→ TASK STATEMENT: Among the records that follow, find the line with "gmul : gcar -> gcar -> gcar;" and the line with "(forall a : A, (forall b : A, rmul a". Set down those lines and all lines between them exactly, without adding anything.

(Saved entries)
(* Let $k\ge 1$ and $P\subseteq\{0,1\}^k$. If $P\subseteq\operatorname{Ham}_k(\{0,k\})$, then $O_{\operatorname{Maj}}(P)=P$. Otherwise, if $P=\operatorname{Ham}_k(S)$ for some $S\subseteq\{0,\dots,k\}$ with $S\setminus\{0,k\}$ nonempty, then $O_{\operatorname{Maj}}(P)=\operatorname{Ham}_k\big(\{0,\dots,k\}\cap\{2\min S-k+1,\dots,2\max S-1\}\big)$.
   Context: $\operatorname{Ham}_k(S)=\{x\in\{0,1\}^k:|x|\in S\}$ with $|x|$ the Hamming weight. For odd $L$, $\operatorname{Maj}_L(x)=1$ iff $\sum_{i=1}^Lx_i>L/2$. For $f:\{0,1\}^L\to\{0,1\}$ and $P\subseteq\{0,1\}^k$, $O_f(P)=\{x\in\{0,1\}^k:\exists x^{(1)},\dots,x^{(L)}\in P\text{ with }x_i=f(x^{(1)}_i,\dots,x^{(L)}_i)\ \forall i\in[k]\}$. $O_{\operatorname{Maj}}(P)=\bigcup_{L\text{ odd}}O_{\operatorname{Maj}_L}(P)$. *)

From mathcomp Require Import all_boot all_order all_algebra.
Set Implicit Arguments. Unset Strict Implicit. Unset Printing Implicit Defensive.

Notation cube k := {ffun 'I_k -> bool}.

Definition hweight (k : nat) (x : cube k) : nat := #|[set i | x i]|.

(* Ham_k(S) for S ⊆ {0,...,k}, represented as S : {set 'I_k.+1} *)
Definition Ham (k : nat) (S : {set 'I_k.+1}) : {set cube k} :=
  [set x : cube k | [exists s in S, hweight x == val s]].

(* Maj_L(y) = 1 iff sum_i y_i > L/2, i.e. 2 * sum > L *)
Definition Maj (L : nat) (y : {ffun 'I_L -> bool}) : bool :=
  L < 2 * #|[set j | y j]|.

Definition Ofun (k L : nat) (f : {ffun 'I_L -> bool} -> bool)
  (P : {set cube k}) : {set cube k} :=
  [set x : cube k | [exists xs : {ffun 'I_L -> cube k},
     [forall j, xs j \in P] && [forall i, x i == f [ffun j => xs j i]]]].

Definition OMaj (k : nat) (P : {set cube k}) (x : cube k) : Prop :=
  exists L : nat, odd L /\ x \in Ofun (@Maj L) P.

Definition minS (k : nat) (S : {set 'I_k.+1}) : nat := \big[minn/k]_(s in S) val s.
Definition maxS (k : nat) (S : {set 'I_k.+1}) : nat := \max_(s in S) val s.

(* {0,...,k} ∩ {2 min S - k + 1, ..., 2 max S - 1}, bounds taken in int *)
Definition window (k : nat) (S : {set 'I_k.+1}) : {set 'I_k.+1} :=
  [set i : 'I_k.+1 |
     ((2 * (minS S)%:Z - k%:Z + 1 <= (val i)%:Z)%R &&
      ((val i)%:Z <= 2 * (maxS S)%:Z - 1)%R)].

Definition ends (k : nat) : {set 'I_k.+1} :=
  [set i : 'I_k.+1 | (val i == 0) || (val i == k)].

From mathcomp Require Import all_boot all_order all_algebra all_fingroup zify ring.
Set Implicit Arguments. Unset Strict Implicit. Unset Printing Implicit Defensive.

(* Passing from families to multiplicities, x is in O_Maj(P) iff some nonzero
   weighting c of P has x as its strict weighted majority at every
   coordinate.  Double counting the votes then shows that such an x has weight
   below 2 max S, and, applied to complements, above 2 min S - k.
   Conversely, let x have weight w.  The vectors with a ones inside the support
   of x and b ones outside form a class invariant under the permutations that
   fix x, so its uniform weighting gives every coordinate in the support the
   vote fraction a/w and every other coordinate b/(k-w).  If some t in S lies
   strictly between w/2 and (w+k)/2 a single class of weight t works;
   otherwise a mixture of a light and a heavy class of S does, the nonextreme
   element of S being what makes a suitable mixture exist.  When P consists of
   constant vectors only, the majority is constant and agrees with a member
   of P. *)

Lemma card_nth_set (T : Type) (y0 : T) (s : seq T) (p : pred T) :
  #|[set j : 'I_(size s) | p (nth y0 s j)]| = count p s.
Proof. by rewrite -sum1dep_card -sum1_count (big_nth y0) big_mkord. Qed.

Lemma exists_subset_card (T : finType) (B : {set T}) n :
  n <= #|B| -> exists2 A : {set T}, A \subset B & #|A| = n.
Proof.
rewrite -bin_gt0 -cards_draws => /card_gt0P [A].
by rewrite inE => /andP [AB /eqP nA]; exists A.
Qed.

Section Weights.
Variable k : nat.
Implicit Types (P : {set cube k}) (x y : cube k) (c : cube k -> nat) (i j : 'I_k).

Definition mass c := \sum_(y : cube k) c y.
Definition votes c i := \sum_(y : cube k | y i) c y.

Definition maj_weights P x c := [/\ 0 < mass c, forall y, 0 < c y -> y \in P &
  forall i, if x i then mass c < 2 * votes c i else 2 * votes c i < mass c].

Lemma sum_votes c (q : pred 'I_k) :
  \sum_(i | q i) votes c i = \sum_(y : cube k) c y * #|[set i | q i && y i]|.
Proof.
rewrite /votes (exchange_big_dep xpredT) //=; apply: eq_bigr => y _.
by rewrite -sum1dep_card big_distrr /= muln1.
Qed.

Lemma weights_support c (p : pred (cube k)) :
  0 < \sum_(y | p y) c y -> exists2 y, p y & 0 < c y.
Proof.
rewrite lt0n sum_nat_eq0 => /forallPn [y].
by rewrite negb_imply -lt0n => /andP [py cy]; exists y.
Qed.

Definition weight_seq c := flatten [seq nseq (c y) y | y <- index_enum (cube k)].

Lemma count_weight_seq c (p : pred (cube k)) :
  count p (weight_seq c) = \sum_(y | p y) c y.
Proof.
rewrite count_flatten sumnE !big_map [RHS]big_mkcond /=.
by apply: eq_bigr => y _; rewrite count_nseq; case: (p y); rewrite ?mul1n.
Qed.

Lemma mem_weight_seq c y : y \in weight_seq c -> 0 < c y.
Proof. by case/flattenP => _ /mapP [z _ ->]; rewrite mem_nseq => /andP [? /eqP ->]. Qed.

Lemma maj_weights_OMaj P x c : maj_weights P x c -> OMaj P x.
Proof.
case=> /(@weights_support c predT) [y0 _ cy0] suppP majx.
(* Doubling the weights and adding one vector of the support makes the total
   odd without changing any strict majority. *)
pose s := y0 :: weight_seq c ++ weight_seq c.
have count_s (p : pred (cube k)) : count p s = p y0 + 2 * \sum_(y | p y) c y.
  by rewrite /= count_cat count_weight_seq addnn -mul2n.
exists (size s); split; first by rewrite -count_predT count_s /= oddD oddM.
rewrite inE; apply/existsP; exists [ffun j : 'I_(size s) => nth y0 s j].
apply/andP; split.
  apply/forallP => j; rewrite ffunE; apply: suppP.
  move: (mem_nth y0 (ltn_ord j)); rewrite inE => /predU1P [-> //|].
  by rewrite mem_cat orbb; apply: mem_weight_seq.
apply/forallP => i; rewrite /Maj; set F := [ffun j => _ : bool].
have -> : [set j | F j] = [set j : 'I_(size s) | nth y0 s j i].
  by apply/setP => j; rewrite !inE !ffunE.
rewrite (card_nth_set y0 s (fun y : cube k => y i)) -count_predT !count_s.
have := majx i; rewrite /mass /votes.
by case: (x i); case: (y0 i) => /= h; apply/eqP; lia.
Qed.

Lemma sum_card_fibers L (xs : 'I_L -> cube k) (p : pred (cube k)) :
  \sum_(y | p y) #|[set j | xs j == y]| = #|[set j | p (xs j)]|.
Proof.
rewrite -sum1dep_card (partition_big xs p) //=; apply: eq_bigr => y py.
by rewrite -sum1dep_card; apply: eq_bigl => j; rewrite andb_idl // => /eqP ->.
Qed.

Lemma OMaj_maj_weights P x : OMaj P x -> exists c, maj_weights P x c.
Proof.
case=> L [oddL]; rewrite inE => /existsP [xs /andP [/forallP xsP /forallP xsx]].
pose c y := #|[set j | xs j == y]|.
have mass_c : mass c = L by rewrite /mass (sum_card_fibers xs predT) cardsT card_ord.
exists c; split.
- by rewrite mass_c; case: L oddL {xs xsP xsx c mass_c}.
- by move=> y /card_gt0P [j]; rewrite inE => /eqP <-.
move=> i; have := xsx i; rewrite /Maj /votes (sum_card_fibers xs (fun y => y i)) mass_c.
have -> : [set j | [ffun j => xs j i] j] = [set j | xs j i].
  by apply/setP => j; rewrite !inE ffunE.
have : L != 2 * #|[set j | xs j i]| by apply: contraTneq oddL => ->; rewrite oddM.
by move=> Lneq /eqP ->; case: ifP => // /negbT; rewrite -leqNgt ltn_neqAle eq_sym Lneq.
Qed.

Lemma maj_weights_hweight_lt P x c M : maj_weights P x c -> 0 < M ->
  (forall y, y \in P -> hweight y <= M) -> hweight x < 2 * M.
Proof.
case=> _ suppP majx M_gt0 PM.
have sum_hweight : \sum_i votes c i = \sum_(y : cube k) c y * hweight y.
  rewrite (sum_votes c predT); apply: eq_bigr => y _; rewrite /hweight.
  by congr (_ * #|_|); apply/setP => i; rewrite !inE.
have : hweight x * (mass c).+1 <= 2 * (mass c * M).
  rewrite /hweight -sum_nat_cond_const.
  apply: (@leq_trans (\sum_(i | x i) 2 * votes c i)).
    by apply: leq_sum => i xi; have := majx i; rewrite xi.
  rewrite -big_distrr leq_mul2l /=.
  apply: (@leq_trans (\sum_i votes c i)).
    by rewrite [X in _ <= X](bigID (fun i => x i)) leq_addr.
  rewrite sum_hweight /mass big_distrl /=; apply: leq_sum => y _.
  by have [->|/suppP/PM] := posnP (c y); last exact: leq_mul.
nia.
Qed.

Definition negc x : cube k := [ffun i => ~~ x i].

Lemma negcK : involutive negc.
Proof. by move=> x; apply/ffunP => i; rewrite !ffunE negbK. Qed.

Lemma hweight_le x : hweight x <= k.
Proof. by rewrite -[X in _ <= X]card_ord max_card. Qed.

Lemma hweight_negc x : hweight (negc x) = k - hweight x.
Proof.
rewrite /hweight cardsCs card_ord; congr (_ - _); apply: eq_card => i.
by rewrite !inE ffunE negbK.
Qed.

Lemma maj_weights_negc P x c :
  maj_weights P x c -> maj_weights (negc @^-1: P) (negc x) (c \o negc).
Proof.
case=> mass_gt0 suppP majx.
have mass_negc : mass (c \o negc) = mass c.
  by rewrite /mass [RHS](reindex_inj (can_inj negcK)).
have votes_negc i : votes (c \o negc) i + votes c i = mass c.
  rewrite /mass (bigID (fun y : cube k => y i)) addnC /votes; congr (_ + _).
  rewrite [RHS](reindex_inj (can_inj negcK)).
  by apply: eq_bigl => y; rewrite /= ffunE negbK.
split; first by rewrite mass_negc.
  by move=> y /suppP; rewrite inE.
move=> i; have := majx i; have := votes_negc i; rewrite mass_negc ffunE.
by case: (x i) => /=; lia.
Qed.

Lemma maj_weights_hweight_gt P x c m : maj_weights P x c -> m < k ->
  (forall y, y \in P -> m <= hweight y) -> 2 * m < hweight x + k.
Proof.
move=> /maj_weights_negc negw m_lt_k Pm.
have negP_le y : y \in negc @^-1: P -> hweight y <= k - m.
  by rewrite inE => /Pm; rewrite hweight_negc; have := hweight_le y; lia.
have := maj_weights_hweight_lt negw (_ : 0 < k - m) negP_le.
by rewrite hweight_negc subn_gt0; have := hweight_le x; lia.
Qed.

---

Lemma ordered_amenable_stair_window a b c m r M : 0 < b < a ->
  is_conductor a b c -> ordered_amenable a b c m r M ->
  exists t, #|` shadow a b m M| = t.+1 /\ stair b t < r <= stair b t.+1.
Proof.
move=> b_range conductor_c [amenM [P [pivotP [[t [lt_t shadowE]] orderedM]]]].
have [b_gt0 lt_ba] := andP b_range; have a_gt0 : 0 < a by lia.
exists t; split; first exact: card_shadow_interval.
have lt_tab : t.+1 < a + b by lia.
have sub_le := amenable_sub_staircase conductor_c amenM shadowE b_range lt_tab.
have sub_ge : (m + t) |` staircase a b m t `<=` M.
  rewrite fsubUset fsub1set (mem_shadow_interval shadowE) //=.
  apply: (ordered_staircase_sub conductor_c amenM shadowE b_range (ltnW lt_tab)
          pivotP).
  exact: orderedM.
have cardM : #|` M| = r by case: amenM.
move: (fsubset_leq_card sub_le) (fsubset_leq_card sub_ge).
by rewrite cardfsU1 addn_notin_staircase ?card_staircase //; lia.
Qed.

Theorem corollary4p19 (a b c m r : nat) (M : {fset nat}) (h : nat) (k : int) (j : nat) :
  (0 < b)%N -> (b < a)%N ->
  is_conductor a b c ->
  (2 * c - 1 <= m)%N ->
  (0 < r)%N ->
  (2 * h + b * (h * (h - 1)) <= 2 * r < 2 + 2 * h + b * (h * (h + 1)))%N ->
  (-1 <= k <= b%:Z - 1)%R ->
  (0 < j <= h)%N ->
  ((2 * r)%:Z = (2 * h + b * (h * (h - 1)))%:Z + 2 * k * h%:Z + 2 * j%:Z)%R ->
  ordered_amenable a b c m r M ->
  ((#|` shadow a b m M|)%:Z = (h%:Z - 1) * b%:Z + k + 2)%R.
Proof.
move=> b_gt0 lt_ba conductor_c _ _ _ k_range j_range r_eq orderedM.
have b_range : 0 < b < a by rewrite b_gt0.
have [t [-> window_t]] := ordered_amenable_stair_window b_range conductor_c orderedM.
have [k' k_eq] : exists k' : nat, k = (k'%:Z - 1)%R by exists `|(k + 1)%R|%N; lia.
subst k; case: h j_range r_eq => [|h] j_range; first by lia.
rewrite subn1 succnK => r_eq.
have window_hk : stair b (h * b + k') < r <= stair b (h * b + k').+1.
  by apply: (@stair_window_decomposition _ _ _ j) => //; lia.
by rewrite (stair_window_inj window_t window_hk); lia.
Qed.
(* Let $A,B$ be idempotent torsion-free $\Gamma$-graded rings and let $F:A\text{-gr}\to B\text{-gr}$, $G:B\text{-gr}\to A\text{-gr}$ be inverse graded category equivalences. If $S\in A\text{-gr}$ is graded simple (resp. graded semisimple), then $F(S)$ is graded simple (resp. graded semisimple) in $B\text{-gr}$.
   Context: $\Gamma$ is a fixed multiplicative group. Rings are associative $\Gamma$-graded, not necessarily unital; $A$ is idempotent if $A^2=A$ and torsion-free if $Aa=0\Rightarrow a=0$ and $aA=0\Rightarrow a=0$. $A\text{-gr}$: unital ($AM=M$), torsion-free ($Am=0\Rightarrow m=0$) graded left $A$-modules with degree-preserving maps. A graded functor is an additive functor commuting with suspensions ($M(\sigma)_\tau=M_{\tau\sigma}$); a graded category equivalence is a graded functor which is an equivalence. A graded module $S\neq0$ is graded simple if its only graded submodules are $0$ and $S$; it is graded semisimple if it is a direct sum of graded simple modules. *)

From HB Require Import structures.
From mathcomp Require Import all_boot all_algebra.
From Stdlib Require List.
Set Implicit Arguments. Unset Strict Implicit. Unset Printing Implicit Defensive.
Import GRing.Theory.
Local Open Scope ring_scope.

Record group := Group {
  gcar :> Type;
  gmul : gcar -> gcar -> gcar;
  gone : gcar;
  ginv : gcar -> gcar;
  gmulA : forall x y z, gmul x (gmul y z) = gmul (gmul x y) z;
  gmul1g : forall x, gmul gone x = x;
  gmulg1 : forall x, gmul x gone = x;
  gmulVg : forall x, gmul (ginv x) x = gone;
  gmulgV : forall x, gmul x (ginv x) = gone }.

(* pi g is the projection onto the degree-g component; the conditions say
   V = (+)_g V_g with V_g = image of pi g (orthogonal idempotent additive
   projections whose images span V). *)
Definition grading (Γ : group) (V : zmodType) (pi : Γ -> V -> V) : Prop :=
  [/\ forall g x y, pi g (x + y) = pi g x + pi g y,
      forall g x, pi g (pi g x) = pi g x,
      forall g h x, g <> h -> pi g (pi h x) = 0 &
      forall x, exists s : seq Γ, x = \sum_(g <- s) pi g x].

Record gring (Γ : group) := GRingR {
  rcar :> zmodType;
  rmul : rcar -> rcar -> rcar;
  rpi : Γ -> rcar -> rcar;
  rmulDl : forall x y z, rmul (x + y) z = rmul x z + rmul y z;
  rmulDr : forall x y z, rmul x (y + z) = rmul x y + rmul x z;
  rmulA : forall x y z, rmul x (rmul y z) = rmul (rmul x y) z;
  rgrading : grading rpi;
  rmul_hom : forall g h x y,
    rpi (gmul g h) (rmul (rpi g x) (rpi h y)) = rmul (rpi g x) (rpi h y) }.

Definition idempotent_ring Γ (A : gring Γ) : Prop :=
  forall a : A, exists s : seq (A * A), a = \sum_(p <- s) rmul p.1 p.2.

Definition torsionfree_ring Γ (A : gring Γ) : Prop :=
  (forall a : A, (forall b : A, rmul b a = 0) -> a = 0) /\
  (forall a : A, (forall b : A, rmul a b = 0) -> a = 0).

→ TASK RESULT:
  gmul : gcar -> gcar -> gcar;
  gone : gcar;
  ginv : gcar -> gcar;
  gmulA : forall x y z, gmul x (gmul y z) = gmul (gmul x y) z;
  gmul1g : forall x, gmul gone x = x;
  gmulg1 : forall x, gmul x gone = x;
  gmulVg : forall x, gmul (ginv x) x = gone;
  gmulgV : forall x, gmul x (ginv x) = gone }.

(* pi g is the projection onto the degree-g component; the conditions say
   V = (+)_g V_g with V_g = image of pi g (orthogonal idempotent additive
   projections whose images span V). *)
Definition grading (Γ : group) (V : zmodType) (pi : Γ -> V -> V) : Prop :=
  [/\ forall g x y, pi g (x + y) = pi g x + pi g y,
      forall g x, pi g (pi g x) = pi g x,
      forall g h x, g <> h -> pi g (pi h x) = 0 &
      forall x, exists s : seq Γ, x = \sum_(g <- s) pi g x].

Record gring (Γ : group) := GRingR {
  rcar :> zmodType;
  rmul : rcar -> rcar -> rcar;
  rpi : Γ -> rcar -> rcar;
  rmulDl : forall x y z, rmul (x + y) z = rmul x z + rmul y z;
  rmulDr : forall x y z, rmul x (y + z) = rmul x y + rmul x z;
  rmulA : forall x y z, rmul x (rmul y z) = rmul (rmul x y) z;
  rgrading : grading rpi;
  rmul_hom : forall g h x y,
    rpi (gmul g h) (rmul (rpi g x) (rpi h y)) = rmul (rpi g x) (rpi h y) }.

Definition idempotent_ring Γ (A : gring Γ) : Prop :=
  forall a : A, exists s : seq (A * A), a = \sum_(p <- s) rmul p.1 p.2.

Definition torsionfree_ring Γ (A : gring Γ) : Prop :=
  (forall a : A, (forall b : A, rmul b a = 0) -> a = 0) /\
  (forall a : A, (forall b : A, rmul a b = 0) -> a = 0).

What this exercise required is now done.